Тем более, сестра у меня решительная, уже собиралась дать согласие, несмотря на мои мольбы.
Это, когда мама решилась на запрещённый приём и показала мне, когда я был девчонкой, фотографии красивых голеньких девочек.
Хотя я и был за сознанием, но тоже видел! Красиво! Слюна закапала…
Почти согласились, но умирать мне тогда не хотелось, и мы пообещали подумать.
Папа показал нам фотографии красивых мальчиков, которые выглядели, почти как я.
Сестра внутри меня долго плакала, считая, что папа победил, потому что папа рассказал, что будет, если я откажусь удалить женскую сущность.
Страшные вещи рассказал мне папа. Он сказал, что, как только это произойдёт, я сам кинусь к нему в ноги, умоляя прекратить эти муки.

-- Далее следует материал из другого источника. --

Lemma sqnorm_ge0 n (v : 'rV[R]_n) : 0 <= sqnorm v.
Proof. by apply: sumr_ge0 => i _; exact: sqr_ge0. Qed.

Lemma sqnorm0 n : sqnorm (0 : 'rV[R]_n) = 0.
Proof. by rewrite /sqnorm big1 // => i _; rewrite mxE expr0n. Qed.

Lemma sqnorm_gt0 n (v : 'rV[R]_n) : v != 0 -> 0 < sqnorm v.
Proof.
move=> v0; rewrite lt_def sqnorm_ge0 andbT; apply: contra v0.
rewrite /sqnorm => /eqP /psumr_eq0P v0; apply/eqP/rowP => i; rewrite mxE.
by apply/eqP; rewrite -sqrf_eq0; apply/eqP/v0 => // j _; exact: sqr_ge0.
Qed.

Lemma sqr_coord_le_sqnorm n (v : 'rV[R]_n) i : v 0 i ^+ 2 <= sqnorm v.
Proof.
by rewrite /sqnorm (bigD1 i) //= lerDl; apply: sumr_ge0 => j _; exact: sqr_ge0.
Qed.

Lemma bformE n (M : 'M[R]_n) u v :
  bform M u v = \sum_j \sum_i u 0 i * M i j * v 0 j.
Proof.
rewrite /bform mxE; apply: eq_bigr => j _; rewrite mxE big_distrl /=.
by apply: eq_bigr => i _; rewrite !mxE.
Qed.

Lemma bform1E n (u v : 'rV[R]_n) : bform 1%:M u v = \sum_i u 0 i * v 0 i.
Proof. by rewrite /bform mulmx1 mxE; apply: eq_bigr => i _; rewrite mxE. Qed.

Lemma sqnormE n (v : 'rV[R]_n) : sqnorm v = bform 1%:M v v.
Proof. by rewrite bform1E; apply: eq_bigr => i _; rewrite expr2. Qed.

Lemma sqnorm_mulmx n (M : 'M[R]_n) v : sqnorm (v *m M) = bform M v (v *m M).
Proof. by rewrite sqnormE /bform mulmx1. Qed.

Lemma bform0 n (M : 'M[R]_n) : bform M 0 0 = 0.
Proof. by rewrite /bform !mul0mx mxE. Qed.

Lemma bformN n (M : 'M[R]_n) u v : bform (- M) u v = - bform M u v.
Proof. by rewrite /bform mulmxN mulNmx mxE. Qed.

Lemma bformB n (M N : 'M[R]_n) u v : bform (M - N) u v = bform M u v - bform N u v.
Proof. by rewrite /bform mulmxBr mulmxBl -!trace_mx11 linearB. Qed.

Lemma bform_scalar n t (u v : 'rV[R]_n) : bform t%:M u v = t * bform 1%:M u v.
Proof.
by rewrite /bform -[t%:M]scalemx1 -scalemxAr -scalemxAl -!trace_mx11 linearZ.
Qed.

Lemma bform_subr_scalar n (M : 'M[R]_n) mu w :
  bform (M - mu%:M) w w = bform M w w - mu * sqnorm w.
Proof. by rewrite bformB bform_scalar -sqnormE. Qed.

Lemma bform_sym n (M : 'M[R]_n) u v : M^T = M -> bform M u v = bform M v u.
Proof.
by move=> sM; rewrite /bform -!trace_mx11 -mxtrace_tr !trmx_mul trmxK sM mulmxA.
Qed.

Lemma bform_dotE n (M : 'M[R]_n) u v : M^T = M -> bform M u v = bform 1%:M u (v *m M).
Proof. by move=> sM; rewrite /bform mulmx1 trmx_mul sM mulmxA. Qed.

Lemma bform_le_l1mx n (M : 'M[R]_n) w : `|bform M w w| <= l1mx M * sqnorm w.
Proof.
rewrite bformE /l1mx big_distrl /=; apply: (le_trans (ler_norm_sum _ _ _)).
apply: ler_sum => j _; rewrite big_distrl /=.
apply: (le_trans (ler_norm_sum _ _ _)); apply: ler_sum => i _.
rewrite !normrM -mulrA mulrCA ler_wpM2l //.
have := sqr_coord_le_sqnorm w i; have := sqr_coord_le_sqnorm w j.
rewrite -(real_normK (num_real (w 0 i))) -(real_normK (num_real (w 0 j))).
have := normr_ge0 (w 0 i); have := normr_ge0 (w 0 j).
set x := `|w 0 i|; set y := `|w 0 j|; nra.
Qed.

Lemma bform_expand n (M : 'M[R]_n) u v t : M^T = M ->
  bform M (u + t *: v) (u + t *: v)
  = bform M u u + 2 * t * bform M u v + t ^+ 2 * bform M v v.
Proof.
move=> sM; rewrite /bform linearD linearZ /= !mulmxDl !mulmxDr.
rewrite -!scalemxAl -!scalemxAr -!trace_mx11 !linearD !linearZ /= !trace_mx11.
have := bform_sym u v sM; rewrite /bform => ->; ring.
Qed.

Lemma sqr_le_mul_of_quad_ge0 (A B C : R) :
  0 <= C -> (forall t, 0 <= A + 2 * t * B + t ^+ 2 * C) -> B ^+ 2 <= A * C.
Proof.
move=> C_ge0 q_ge0.
have [C0|C_neq0] := eqVneq C 0.
  rewrite C0 mulr0; have [->|B_neq0] := eqVneq B 0; first by rewrite expr0n.
  have := q_ge0 (- (A + 1) / (2 * B)); rewrite C0 mulr0 addr0.
  have -> : A + 2 * (- (A + 1) / (2 * B)) * B = -1 by field.
  by rewrite ler0N1.
have C_gt0 : 0 < C by rewrite lt_def C_neq0.
have := q_ge0 (- B / C).
have -> : A + 2 * (- B / C) * B + (- B / C) ^+ 2 * C = A - B ^+ 2 / C by field.
by rewrite subr_ge0 ler_pdivrMr.
Qed.

Lemma bform_CS n (M : 'M[R]_n) u v : M^T = M -> (forall w, 0 <= bform M w w) ->
  bform M u v ^+ 2 <= bform M u u * bform M v v.
Proof.
move=> sM M_psd; apply: sqr_le_mul_of_quad_ge0 => // t.
by rewrite -bform_expand.
Qed.

Lemma bform1_CS n (u v : 'rV[R]_n) : bform 1%:M u v ^+ 2 <= sqnorm u * sqnorm v.
Proof.
rewrite !sqnormE; apply: bform_CS; first exact: trmx1.
by move=> w; rewrite -sqnormE sqnorm_ge0.
Qed.
End QuadraticForms.

Section SquaredFrobenius.
Variable R : realFieldType.
Implicit Types (n : nat) (c : R).

Definition fro2 n (M : 'M[R]_n) : R := \sum_i \sum_j M i j ^+ 2.

Definition gain_le n (A : 'M[R]_n) c := forall u, sqnorm (u *m A) <= c * sqnorm u.
Definition gain_ge n (A : 'M[R]_n) c := forall u, c * sqnorm u <= sqnorm (u *m A).

Lemma fro2_rows n (M : 'M[R]_n) : fro2 M = \sum_i sqnorm (row i M).
Proof. by apply: eq_bigr => i _; apply: eq_bigr => j _; rewrite mxE. Qed.

Lemma fro2_ge0 n (M : 'M[R]_n) : 0 <= fro2 M.
Proof. by rewrite fro2_rows; apply: sumr_ge0 => i _; exact: sqnorm_ge0. Qed.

Пожалев сестру, я обещал подумать. Ничего не происходило, я уже было успокоился, в школе было всё хорошо, до пятого класса, когда ребята начали интересоваться своей половой принадлежностью.
Друзья у меня начали растворяться, меня стали дразнить гермиком.

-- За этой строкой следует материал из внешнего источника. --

(* MCL and OMCL are expressively equivalent: for every MCL sentence over $AP$ there is an OMCL sentence over $AP$ satisfied by exactly the same Kripke trees, and vice versa.
   Context: Kripke trees over a finite set $AP$: non-blocking trees (nonempty prefix-closed sets $T$ of words over a set of directions, root $\varepsilon$, children $w\cdot d$, every node having a child) with $\mathit{Lab}:T\to2^{AP}$. A chain is a set of nodes any two of which are comparable by the descendant relation $\le$ ($x\le y$ iff $y=x\cdot u$ for some possibly empty $u$). MCL: formulas $\varphi::=p(x)\mid x\le y\mid x\in X\mid\neg\varphi\mid\varphi\wedge\varphi\mid\exists x.\varphi\mid\exists^CX.\varphi$ ($p\in AP$), with first-order variables ranging over nodes, $p(x)$ iff $p\in\mathit{Lab}(x)$, and $\exists^CX$ ranging over chains. OMCL (one-sorted MCL): formulas $\varphi::=X\subseteq p\mid X\subseteq Y\mid\mathrm{child}(X,Y)\mid\neg\varphi\mid\varphi\wedge\varphi\mid\exists^CX.\varphi$ with only second-order variables, ranging over chains; $X\subseteq p$ means every node in $X$ has $p$ in its label; $X\subseteq Y$ is set inclusion; $\mathrm{child}(X,Y)$ means every node of $X$ has some child in $Y$. A sentence has no free variables; a Kripke tree satisfies a sentence in the usual way. *)

From mathcomp Require Import all_boot.
From Stdlib Require Import List.
Import ListNotations.

Set Implicit Arguments.
Unset Strict Implicit.
Unset Printing Implicit Defensive.

(* Nodes are words (lists) over a type [D] of directions; the root is [[]],
   the children of [w] are [w ++ [d]]. *)
Record ktree (D : Type) (AP : finType) := KTree {
  knode : list D -> Prop;
  klab  : list D -> {set AP};
  knode_nonempty : exists w, knode w;
  knode_prefix_closed : forall u v, knode (u ++ v) -> knode u;
  knode_nonblocking : forall w, knode w -> exists d, knode (w ++ [d])
}.

Definition desc {D : Type} (x y : list D) : Prop := exists u, y = x ++ u.

Definition is_chain {D : Type} {AP : finType} (T : ktree D AP)
  (X : list D -> Prop) : Prop :=
  (forall x, X x -> knode T x) /\
  (forall x y, X x -> X y -> desc x y \/ desc y x).

Inductive mcl (AP : finType) : Type :=
| MProp : AP -> nat -> mcl AP
| MLe   : nat -> nat -> mcl AP
| MIn   : nat -> nat -> mcl AP
| MNeg  : mcl AP -> mcl AP
| MAnd  : mcl AP -> mcl AP -> mcl AP
| MEx   : nat -> mcl AP -> mcl AP
| MExC  : nat -> mcl AP -> mcl AP.

Fixpoint mcl_fv1 {AP : finType} (phi : mcl AP) (n : nat) : Prop :=
  match phi with
  | MProp _ x => x = n
  | MLe x y => x = n \/ y = n
  | MIn x _ => x = n
  | MNeg a => mcl_fv1 a n
  | MAnd a b => mcl_fv1 a n \/ mcl_fv1 b n
  | MEx x a => x <> n /\ mcl_fv1 a n
  | MExC _ a => mcl_fv1 a n
  end.

Fixpoint mcl_fv2 {AP : finType} (phi : mcl AP) (n : nat) : Prop :=
  match phi with
  | MProp _ _ => False
  | MLe _ _ => False
  | MIn _ X => X = n
  | MNeg a => mcl_fv2 a n
  | MAnd a b => mcl_fv2 a n \/ mcl_fv2 b n
  | MEx _ a => mcl_fv2 a n
  | MExC X a => X <> n /\ mcl_fv2 a n
  end.

Definition mcl_sentence {AP : finType} (phi : mcl AP) : Prop :=
  forall n, ~ mcl_fv1 phi n /\ ~ mcl_fv2 phi n.

Definition upd {A : Type} (e : nat -> A) (n : nat) (a : A) : nat -> A :=
  fun m => if Nat.eqb m n then a else e m.

Fixpoint mcl_holds {D : Type} {AP : finType} (T : ktree D AP)
  (e1 : nat -> list D) (e2 : nat -> list D -> Prop) (phi : mcl AP) : Prop :=
  match phi with
  | MProp p x => p \in klab T (e1 x)
  | MLe x y => desc (e1 x) (e1 y)
  | MIn x X => e2 X (e1 x)
  | MNeg a => ~ mcl_holds T e1 e2 a
  | MAnd a b => mcl_holds T e1 e2 a /\ mcl_holds T e1 e2 b
  | MEx x a => exists w, knode T w /\ mcl_holds T (upd e1 x w) e2 a
  | MExC X a => exists C, is_chain T C /\ mcl_holds T e1 (upd e2 X C) a
  end.

(* Satisfaction of a sentence: evaluation in a default environment
   (first-order variables at the root, second-order variables the empty
   chain); for sentences the environment is irrelevant. *)
Definition mcl_sat {D : Type} {AP : finType} (T : ktree D AP) (phi : mcl AP)
  : Prop := mcl_holds T (fun _ => []) (fun _ _ => False) phi.

Inductive omcl (AP : finType) : Type :=
| OSubP  : nat -> AP -> omcl AP
| OSub   : nat -> nat -> omcl AP
| OChild : nat -> nat -> omcl AP
| ONeg   : omcl AP -> omcl AP
| OAnd   : omcl AP -> omcl AP -> omcl AP
| OExC   : nat -> omcl AP -> omcl AP.

Fixpoint omcl_fv {AP : finType} (phi : omcl AP) (n : nat) : Prop :=
  match phi with
  | OSubP X _ => X = n
  | OSub X Y => X = n \/ Y = n
  | OChild X Y => X = n \/ Y = n
  | ONeg a => omcl_fv a n
  | OAnd a b => omcl_fv a n \/ omcl_fv b n
  | OExC X a => X <> n /\ omcl_fv a n
  end.

Definition omcl_sentence {AP : finType} (phi : omcl AP) : Prop :=
  forall n, ~ omcl_fv phi n.

Fixpoint omcl_holds {D : Type} {AP : finType} (T : ktree D AP)
  (e : nat -> list D -> Prop) (phi : omcl AP) : Prop :=
  match phi with
  | OSubP X p => forall w, e X w -> p \in klab T w
  | OSub X Y => forall w, e X w -> e Y w
  | OChild X Y => forall w, e X w -> exists d, e Y (w ++ [d])
  | ONeg a => ~ omcl_holds T e a
  | OAnd a b => omcl_holds T e a /\ omcl_holds T e b
  | OExC X a => exists C, is_chain T C /\ omcl_holds T (upd e X C) a
  end.

Definition omcl_sat {D : Type} {AP : finType} (T : ktree D AP) (phi : omcl AP)
  : Prop := omcl_holds T (fun _ _ => False) phi.

(* A first-order variable of MCL is simulated in OMCL by a chain variable
   ranging over singletons, a singleton being a nonempty chain contained in
   each of its nonempty subchains.  Then x <= y says that some chain contains
   x and y and, with each of its elements other than x, also its parent: by
   induction on depth such a chain lies above x, and conversely the segment
   from x to y is one.  In the other direction chain quantifiers are kept,
   and X ⊆ p, X ⊆ Y and child(X, Y) are expanded with first-order quantifiers
   over the elements of X, a child of x being a node strictly below x with no
   node strictly in between. *)

From mathcomp Require Import all_boot zify.
From Stdlib Require Import List PeanoNat Classical.
Import ListNotations.

Arguments MLe {AP} x y.
Arguments MIn {AP} x X.
Arguments OSub {AP} X Y.
Arguments OChild {AP} X Y.

Lemma upd_eq {A : Type} (e : nat -> A) n a : upd e n a n = a.
Proof. by rewrite /upd Nat.eqb_refl. Qed.

Lemma upd_ne {A : Type} (e : nat -> A) n a m : m <> n -> upd e n a m = e m.
Proof. by rewrite /upd => /Nat.eqb_neq ->. Qed.

Tactic Notation "simpl_upd" :=
  repeat first [rewrite upd_eq | rewrite upd_ne; last lia].
Tactic Notation "simpl_upd" "in" hyp(H) :=
  repeat first [rewrite upd_eq in H | rewrite upd_ne in H; last lia].

Section Descendants.
Context {D : Type}.
Implicit Types x y z u : list D.

Lemma desc_refl x : desc x x.
Proof. by exists []; rewrite app_nil_r. Qed.

Lemma desc_trans {x y z} : desc x y -> desc y z -> desc x z.
Proof. by move=> [u ->] [v ->]; exists (u ++ v); rewrite app_assoc. Qed.

Lemma desc_snoc x y d : desc x y -> desc x (y ++ [d]).
Proof. by move=> [u ->]; exists (u ++ [d]); rewrite app_assoc. Qed.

Остался у меня один друг. Когда он родился, оказалось, что лежал он у мамы как-то неправильно, и грудная клетка оказалась поперёк… То есть рёбра с боков сжаты, а спереди и сзади оказались выпуклыми. Сзади горб, спереди клюв…
Смотреть на него было неприятно, хотя был он необычайно добр, в себя не замыкался, и дразнить его не решались. Вообще класс у нас был дружным, ребята и девчата миролюбивы. Подумаешь, обзывают! Что делать, если это правда.
Интересно, а если я сейчас сделаю себе операцию, я что, должен, или должна буду штаны снимать, чтобы доказать, что я уже нормальный человек?!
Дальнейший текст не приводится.